In a document filed with the Green Mountain Care Board, the hospital association promised to back up its claims about the threat the surgical center could pose.

The hospital association and Northwestern Medical Center have already submitted lists of questions they want Cooper and her partners to answer. The state's health care advocate has concerns, too. The staff of the regulatory board has also requested information.

Cooper is unfazed by the barrage of questions and criticisms. When asked about various challenges, she smiled and responded without hesitation. Attorney Eileen Elliott sat next to Cooper in the boardroom at Dunkiel Saunders Elliott Raubvogel & Hand in Burlington. She had a multi-tabbed three-ring binder of documents at the ready, but Cooper consulted her only once.

Grause has asserted the surgical center wouldn't be accountable to the community. Cooper countered, "This is locally owned." It would respond to patients' concerns about the high cost of surgical procedures and long waits to schedule them, she said.

The Office of the Health Care Advocate has raised concerns that surgeons affiliated with the for-profit center would refer patients with commercial insurance and simple ailments to the new facility and patients on Medicaid, which pays less, to hospitals.

"Our center is going to take all forms of insurance," Cooper said. "We have built free care into our operating plan. We don't expect there will be any cherry-picking."

As to Billings' worry that the center would lure more Franklin County residents south for surgery, Cooper said, "We are responding specifically to a need here in Chittenden County." Based on population projections and demographic trends, she argued that the demand for outpatient surgery in the Burlington area is sure to increase.

She added that in its application to purchase land in South Burlington, the University of Vermont Medical Center wrote: "Clinical capacity in the ambulatory care center has been reached — and in many areas exceeded."

Mike Noble, spokesman for UVM Medical Center, clarified that some services in its ambulatory care center on the main campus need more space, including dermatology.
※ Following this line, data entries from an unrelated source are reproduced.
(* effective resistance: inject unit current at p, extract it at q; r(p,q)
   is the potential difference x p - x q of any solution x of L x = 1_p - 1_q
   (solutions exist and are unique up to constants on a connected graph). *)
Definition resistance (p q : T) : R :=
  let x := epsilon (inhabits (fun _ : T => 0 : R))
     (fun x : T -> R => forall u : T,
        laplacian x u = (u == p)%:R - (u == q)%:R) in
  x p - x q.
End MetrizedGraph.

From Pilot Require Import Defs.
From Stdlib Require Import ClassicalEpsilon.
From mathcomp Require Import all_boot all_order all_algebra ring lra.
Set Implicit Arguments. Unset Strict Implicit. Unset Printing Implicit Defensive.
Import Order.TTheory GRing.Theory Num.Theory.
Local Open Scope ring_scope.

(* Along every edge of a tree the distance d(., q) to a fixed vertex q changes
   by exactly the edge length, so the Laplacian of d(., q) at u is
   2 [u <> q] - val u.  Hence (d(., q) - d(., p)) / 2 solves the equations
   defining r(p, q), and r = d since harmonic functions are constant on a
   connected graph.  Green's identity for d(., q) gives
   sum_u val u d(u, q) = 2 sum_u d(u, q) - l(Gamma); summing over q yields the
   formula.  For unit lengths, l(Gamma) = #E = v - 1 follows from
   sum_u (L d(., q)) u = 0. *)

Section BigMin.
Variable R : realDomainType.

Lemma bigmin_le (I : eqType) (r : seq I) (P : pred I) (F : I -> R) x i :
  i \in r -> P i -> \big[Num.min/x]_(j <- r | P j) F j <= F i.
Proof.
elim: r => [//|j r IH]; rewrite inE big_cons => /orP[/eqP <-|i_r] Pi.
  by rewrite Pi ge_min lexx.
by case: (P j); rewrite ?ge_min IH ?orbT.
Qed.

Lemma le_bigmin (I : Type) (r : seq I) (P : pred I) (F : I -> R) x y :
  y <= x -> (forall i, P i -> y <= F i) -> y <= \big[Num.min/x]_(i <- r | P i) F i.
Proof.
by move=> y_x y_F; elim/big_rec: _ => // i z Pi y_z; rewrite le_min y_F.
Qed.

End BigMin.

Section Graph.
Variables (R : realFieldType) (T : finType) (E : {set {set T}}) (len : {set T} -> R).

Notation adj := (adj E).
Notation L := (laplacian E len).

Lemma adjC : symmetric adj.
Proof. by move=> x y; rewrite /Defs.adj eq_sym setUC. Qed.

Lemma adj_irr x : adj x x = false.
Proof. by rewrite /Defs.adj eqxx. Qed.

Lemma valenceE u : (valence E u)%:R = \sum_(w | adj u w) (1 : R).
Proof. by rewrite /valence -sum1_card natr_sum; apply: eq_bigl => w; rewrite inE. Qed.

Lemma sum_adj_swap (g : T -> T -> R) :
  \sum_u \sum_(w | adj u w) g u w = \sum_u \sum_(w | adj u w) g w u.
Proof.
rewrite (exchange_big_dep xpredT) //=; apply: eq_bigr => u _.
by apply: eq_bigl => w; rewrite adjC.
Qed.

Lemma laplacianB x y u : L (fun v => x v - y v) u = L x u - L y u.
Proof. by rewrite /laplacian -sumrB; apply: eq_bigr => w _; ring. Qed.

Lemma laplacianZ c x u : L (fun v => c * x v) u = c * L x u.
Proof. by rewrite /laplacian mulr_sumr; apply: eq_bigr => w _; ring. Qed.

Lemma sum_laplacian x : \sum_u L x u = 0.
Proof.
have swap : \sum_u L x u = - \sum_u L x u.
  rewrite [LHS]sum_adj_swap -sumrN; apply: eq_bigr => u _.
  by rewrite -sumrN; apply: eq_bigr => w _; rewrite setUC -mulNr opprB.
have : (\sum_u L x u) *+ 2 = 0 by rewrite mulr2n {1}swap addNr.
by move/eqP; rewrite mulrn_eq0 /= => /eqP.
Qed.

Lemma energy x : (\sum_u x u * L x u) *+ 2 =
  \sum_u \sum_(w | adj u w) (x u - x w) ^+ 2 / len [set u; w].
Proof.
have expand : \sum_u x u * L x u =
    \sum_u \sum_(w | adj u w) x u * (x u - x w) / len [set u; w].
  by apply: eq_bigr => u _; rewrite mulr_sumr; apply: eq_bigr => w _; rewrite mulrA.
rewrite mulr2n expand {1}sum_adj_swap -big_split /=; apply: eq_bigr => u _.
rewrite -big_split /=; apply: eq_bigr => w _.
by rewrite setUC; ring.
Qed.

Lemma walk_len_nil p : walk_len len p [::] = 0.
Proof. by rewrite /walk_len big_ord0. Qed.

Lemma walk_len_cons p x s :
  walk_len len p (x :: s) = len [set p; x] + walk_len len x s.
Proof.
rewrite /walk_len big_ord_recl /=; congr (_ + _); apply: eq_bigr => i _.
have i_s : (i < size s)%N := ltn_ord i.
rewrite [nth p s i](set_nth_default x) //.
by rewrite [nth p (x :: s) i](set_nth_default x) //= ltnW.
Qed.

Lemma walk_len_rcons p s y :
  walk_len len p (rcons s y) = walk_len len p s + len [set last p s; y].
Proof.
elim: s p => [|x s IH] p /=; first by rewrite walk_len_cons !walk_len_nil addr0 add0r.
by rewrite !walk_len_cons IH addrA.
Qed.

Lemma walk_len_rev p s :
  walk_len len (last p s) (rev (belast p s)) = walk_len len p s.
Proof.
elim: s p => [|y s IH] p /=; first by rewrite !walk_len_nil.
rewrite rev_cons walk_len_rcons IH walk_len_cons addrC setUC.
by case: s {IH} => [|z s] //=; rewrite rev_cons last_rcons.
Qed.

Fixpoint walk_edges (p : T) (s : seq T) : seq {set T} :=
  if s is x :: s' then [set p; x] :: walk_edges x s' else [::].

Lemma walk_lenE p s : walk_len len p s = \sum_(e <- walk_edges p s) len e.
Proof.
elim: s p => [|x s IH] p; first by rewrite walk_len_nil big_nil.
by rewrite walk_len_cons big_cons IH.
Qed.

Lemma mem_walk_edges p s e y : e \in walk_edges p s -> y \in e -> y \in p :: s.
Proof.
elim: s p => [|x s IH] p //=; rewrite inE => /orP[/eqP -> | /IH y_s].
  by rewrite !inE => /orP[->|->]; rewrite ?orbT.
by move=> /y_s x_s; rewrite inE x_s orbT.
Qed.

Lemma uniq_walk_edges p s : uniq (p :: s) -> uniq (walk_edges p s).
Proof.
elim: s p => [|x s IH] p //= /andP[p_xs /andP[x_s u_s]].
rewrite IH /= ?x_s ?u_s // andbT; apply/negP => /(@mem_walk_edges x s _ p).
by rewrite !inE eqxx => /(_ isT) p_in; move: p_xs; rewrite inE p_in.
Qed.

Lemma walk_edges_sub p s : path adj p s -> {subset walk_edges p s <= E}.
Proof.
elim: s p => [|x s IH] p //= /andP[/andP[_ pxE] p_s] e; rewrite inE.
by case/orP=> [/eqP ->|/IH]; [|apply].
Qed.

Hypothesis hE2 : forall f, f \in E -> #|f| = 2.

Lemma sum_adj_edges (F : {set T} -> R) :
  \sum_u \sum_(w | adj u w) F [set u; w] = (\sum_(e in E) F e) *+ 2.
Proof.
rewrite pair_big_dep /= (partition_big (fun uw : T * T => [set uw.1; uw.2]) (mem E)) /=;
  last by move=> i /andP[].
rewrite -sumrMnl; apply: eq_bigr => e eE.
rewrite (eq_bigr (fun _ => F e)); last by move=> uw /andP[_ /eqP ->].
rewrite sumr_const; congr (_ *+ _).
have /cards2P[a [b [ab e_ab]]] : #|e| == 2%N by rewrite hE2.
subst e.
have ab_ba : (a, b) != (b, a) by rewrite xpair_eqE negb_and ab.
transitivity #|[set (a, b); (b, a)]|; last by rewrite cards2 ab_ba.
apply: eq_card => -[u w]; rewrite !inE /=; apply/idP/idP.
  case/andP=> huw /eqP huw_ab.
  have hu : u \in [set a; b] by rewrite -huw_ab set21.
  have hw : w \in [set a; b] by rewrite -huw_ab set22.
  move: hu hw huw; rewrite !inE => /orP[]/eqP-> /orP[]/eqP->;
    by rewrite ?adj_irr ?eqxx ?orbT.
have adj_ab : adj a b by rewrite /Defs.adj ab.
case/orP=> /eqP[-> ->]; rewrite unfold_in /=.
  by rewrite adj_ab eqxx.
by rewrite adjC adj_ab setUC eqxx.
Qed.

Hypothesis hlen : forall f, f \in E -> 0 < len f.

Lemma adj_len x y : adj x y -> 0 < len [set x; y].
Proof. by case/andP=> _ /hlen. Qed.

Lemma adj_len_neq0 x y : adj x y -> len [set x; y] != 0.
Proof. by move/adj_len; rewrite lt0r => /andP[]. Qed.

Lemma walk_len_le_total p s :
  path adj p s -> uniq (p :: s) -> walk_len len p s <= total_length E len.
Proof.
move=> p_s u_s; rewrite walk_lenE big_uniq ?uniq_walk_edges //.
rewrite /total_length (bigID (mem (walk_edges p s)) (mem E)) /= -[X in X <= _]addr0.
apply: lerD; last by apply: sumr_ge0 => e /andP[/hlen /ltW].
rewrite [leRHS](eq_bigl (mem (walk_edges p s))) // => e /=.
by case e_s: (e \in walk_edges p s); rewrite ?andbF ?andbT ?(walk_edges_sub p_s e_s).
Qed.

Lemma harmonic_adj x : (forall u, L x u = 0) -> forall u w, adj u w -> x u = x w.
Proof.
move=> Lx0 u w huw.
have term_ge0 a b : adj a b -> 0 <= (x a - x b) ^+ 2 / len [set a; b].
  by move=> hab; rewrite divr_ge0 ?sqr_ge0 // ltW // adj_len.
have energy0 : \sum_a \sum_(b | adj a b) (x a - x b) ^+ 2 / len [set a; b] = 0.
  by rewrite -energy big1 ?mul0rn // => a _; rewrite Lx0 mulr0.
have row_ge0 a : true -> 0 <= \sum_(b | adj a b) (x a - x b) ^+ 2 / len [set a; b].
  by move=> _; apply: sumr_ge0 => b /term_ge0.
have row_u0 := psumr_eq0P row_ge0 energy0 (i := u) isT.
have /eqP := psumr_eq0P (term_ge0 u) row_u0 huw.
rewrite mulf_eq0 invr_eq0 (negbTE (adj_len_neq0 huw)) orbF sqrf_eq0 subr_eq0.
by move/eqP.
Qed.

Lemma harmonic_connect x :
  (forall u, L x u = 0) -> forall p q, connect adj p q -> x p = x q.
Proof.
move=> Lx0 p q /connectP[s + ->]; elim: s p => [//|a s IH] p /= /andP[hpa ps].
by rewrite (harmonic_adj Lx0 hpa) IH.
Qed.

Lemma resistance_potential (x : T -> R) p q :
  connected_graph E -> (forall u, L x u = (u == p)%:R - (u == q)%:R) ->
  resistance E len p q = x p - x q.
Proof.
move=> hconn hx.
have solvable : exists x : T -> R, forall u, L x u = (u == p)%:R - (u == q)%:R.
  by exists x.
have := epsilon_spec (inhabits (fun _ : T => 0 : R)) _ solvable.
rewrite /resistance; set y := epsilon _ _ => hy.
(* The chosen solution y differs from x by a harmonic, hence constant, function. *)
have Lyx0 u : L (fun v => y v - x v) u = 0 by rewrite laplacianB hy hx subrr.
have := harmonic_connect Lyx0 (hconn p q); lra.
Qed.

End Graph.

Section Tree.
Variables (R : realFieldType) (T : finType) (E : {set {set T}}) (len : {set T} -> R).
Hypothesis htree : is_tree E.

Notation adj := (adj E).
Notation L := (laplacian E len).

(* Otherwise x :: t1 ++ [:: y] would close a cycle. *)
Lemma path_to_neighbor x t1 y t2 : path adj x (t1 ++ y :: t2) ->
  uniq (x :: t1 ++ y :: t2) -> adj x y -> t1 = [::].
Proof.
case: t1 => [//|z t1] p_xt u_xt adj_xy; exfalso.
have u_cyc : uniq (x :: rcons (z :: t1) y).
  by move: u_xt; rewrite -cat_rcons -cat_cons cat_uniq => /andP[].
have := htree.2 _ _ u_cyc; rewrite size_rcons /= ltnS ltnS => /(_ isT); apply/negP/negPn.
move: p_xt; rewrite -cat_rcons cat_path => /andP[p_prefix _].
change (path adj x (rcons (rcons (z :: t1) y) x)).
by rewrite rcons_path p_prefix last_rcons adjC adj_xy.
Qed.

Lemma tree_path_unique x s t : path adj x s -> path adj x t ->
  uniq (x :: s) -> uniq (x :: t) -> last x s = last x t -> s = t.
Proof.
elim: s x t => [|y s IH] x t.
  case: t => [//|z t] _ _ _ /= /andP[x_t _] last_eq.
  by move: x_t; rewrite last_eq /= mem_last.
move=> /= /andP[adj_xy p_s] p_t /andP[x_s u_s] u_t last_eq.
have [y_t|y_t] := boolP (y \in t).
  case/splitPr: y_t p_t u_t last_eq => t1 t2 p_t u_t.
  have t1_nil := path_to_neighbor p_t u_t adj_xy; subst t1.
  move: p_t u_t => /= /andP[_ p_t2] /andP[_ u_t2] last_eq.
  by rewrite (IH y t2).
have s_xt : s = x :: t.
  apply: (IH y) => //=; first by rewrite adjC adj_xy.
  rewrite u_t inE negb_or y_t !andbT.
  by move: x_s; rewrite inE negb_or eq_sym => /andP[].
by move: x_s; rewrite s_xt !inE eqxx !orbT.
Qed.

Definition is_tpath p q s := [&& path adj p s, last p s == q & uniq (p :: s)].

Lemma tpath_exists p q : exists s, is_tpath p q s.
Proof.
have /connectP[s p_s ->] := htree.1 p q.
have [s' p_s' u_s' _] := shortenP p_s.
by exists s'; rewrite /is_tpath p_s' u_s' eqxx.
Qed.

Definition tpath p q := xchoose (tpath_exists p q).

Lemma tpathP p q : is_tpath p q (tpath p q).
Proof. exact: xchooseP. Qed.

Lemma path_tpath p q : path adj p (tpath p q).
Proof. by case/and3P: (tpathP p q). Qed.

Lemma last_tpath p q : last p (tpath p q) = q.
Proof. by case/and3P: (tpathP p q) => _ /eqP. Qed.

Lemma uniq_tpath p q : uniq (p :: tpath p q).
Proof. by case/and3P: (tpathP p q). Qed.

Lemma tpath_eq p q s : is_tpath p q s -> tpath p q = s.
Proof.
case/and3P=> p_s /eqP last_s u_s.
apply: (tree_path_unique (x := p)) => //; first exact: path_tpath.
  exact: uniq_tpath.
by rewrite last_tpath last_s.
Qed.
But at the Fanny Allen campus, where many more outpatient surgeries are performed, there is additonal capacity. In fact, "hours of operation at the Fanny Allen outpatient surgery center were recently reduced due to lack of ambulatory surgery cases," he said.

The review process is expected to run into spring. If approved, construction would take a year.

Billings at Northwestern Medical Center acknowledged that health care is evolving, but asked, "Does it really make sense to introduce a new player? That is the question for the Green Mountain Care Board to answer."

Prospective investor Dowhan suggested that if hospitals have to vie for patients with the new surgical center, it could be beneficial. "I think the competition makes both sides better," he said. "We need our hospitals, but there isn't any industry that continues to operate like we did 20 years ago."